* _INSTRUCTIONS FOR THE TASK_
Begin at the top of the records and copy each line exactly. The line containing "are separated from" is the last one to include.

* _DATA EXTRACT_
Definition topgroup_iso (R : realType) (d : seqZ R) (mul : seqZ R -> seqZ R -> seqZ R)
  (I : Type) (le : I -> I -> Prop) (m : I -> nat)
  (phi : forall i j : I, 'I_(m j).+1 -> 'I_(m i).+1)
  (Phi : seqZ R -> forall i, 'I_(m i).+1) : Prop :=
  (forall x, in_hull d x -> in_inv_lim le phi (Phi x)) /\
      (forall x y, in_hull d x -> in_hull d y -> (forall i, Phi x i = Phi y i) -> x = y) /\
      (forall z, in_inv_lim le phi z -> exists2 x, in_hull d x & forall i, Phi x i = z i) /\
      (forall x y, in_hull d x -> in_hull d y -> forall i,
         Phi (mul x y) i = (Phi x i + Phi y i)%R) /\
      (* continuity of Phi (each coordinate locally constant) *)
      (forall x, in_hull d x -> forall i, exists2 dl : R, 0 < dl &
         forall y, in_hull d y -> close dl x y -> Phi y i = Phi x i) /\
    (* continuity of Phi^{-1}: basic product-topology neighbourhoods *)
      (forall x, in_hull d x -> forall e : R, 0 < e ->
         exists (N : nat) (f : 'I_N -> I), forall y, in_hull d y ->
           (forall j, Phi y (f j) = Phi x (f j)) -> close e x y).

(* An index q > 0 is admissible when "k mod q" is uniformly continuous along the
   orbit k |-> sigma^k d, so that it extends to a continuous homomorphism
   hull(d) -> Z/q; admissible moduli are closed under lcm, hence form a directed
   system under divisibility, and the hull maps into the inverse limit of the Z/q.
   The map is injective with continuous inverse because, for every e > 0, some
   admissible q has all its multiples as e-almost periods of d: if d is e/4-close
   to a p of period q0, the residues r mod q0 that are limits of return times of d
   form a subgroup qZ of Z containing q0, and finitely many residues outside it
   are separated from d by a uniform distance.  Surjectivity follows from
   completeness of l^oo along a cofinal sequence of admissible moduli. *)

From mathcomp Require Import all_boot all_order all_algebra.
From mathcomp Require Import reals.
From mathcomp Require Import boolp classical_sets.
From mathcomp Require Import ring lra.
Set Implicit Arguments. Unset Strict Implicit. Unset Printing Implicit Defensive.
Import Order.TTheory GRing.Theory Num.Theory.
Local Open Scope ring_scope.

* _RESPONSE BOX_
Definition topgroup_iso (R : realType) (d : seqZ R) (mul : seqZ R -> seqZ R -> seqZ R)
  (I : Type) (le : I -> I -> Prop) (m : I -> nat)
  (phi : forall i j : I, 'I_(m j).+1 -> 'I_(m i).+1)
  (Phi : seqZ R -> forall i, 'I_(m i).+1) : Prop :=
  (forall x, in_hull d x -> in_inv_lim le phi (Phi x)) /\
      (forall x y, in_hull d x -> in_hull d y -> (forall i, Phi x i = Phi y i) -> x = y) /\
      (forall z, in_inv_lim le phi z -> exists2 x, in_hull d x & forall i, Phi x i = z i) /\
      (forall x y, in_hull d x -> in_hull d y -> forall i,
         Phi (mul x y) i = (Phi x i + Phi y i)%R) /\
      (* continuity of Phi (each coordinate locally constant) *)
      (forall x, in_hull d x -> forall i, exists2 dl : R, 0 < dl &
         forall y, in_hull d y -> close dl x y -> Phi y i = Phi x i) /\
    (* continuity of Phi^{-1}: basic product-topology neighbourhoods *)
      (forall x, in_hull d x -> forall e : R, 0 < e ->
         exists (N : nat) (f : 'I_N -> I), forall y, in_hull d y ->
           (forall j, Phi y (f j) = Phi x (f j)) -> close e x y).

(* An index q > 0 is admissible when "k mod q" is uniformly continuous along the
   orbit k |-> sigma^k d, so that it extends to a continuous homomorphism
   hull(d) -> Z/q; admissible moduli are closed under lcm, hence form a directed
   system under divisibility, and the hull maps into the inverse limit of the Z/q.
   The map is injective with continuous inverse because, for every e > 0, some
   admissible q has all its multiples as e-almost periods of d: if d is e/4-close
   to a p of period q0, the residues r mod q0 that are limits of return times of d
   form a subgroup qZ of Z containing q0, and finitely many residues outside it
   are separated from d by a uniform distance.  Surjectivity follows from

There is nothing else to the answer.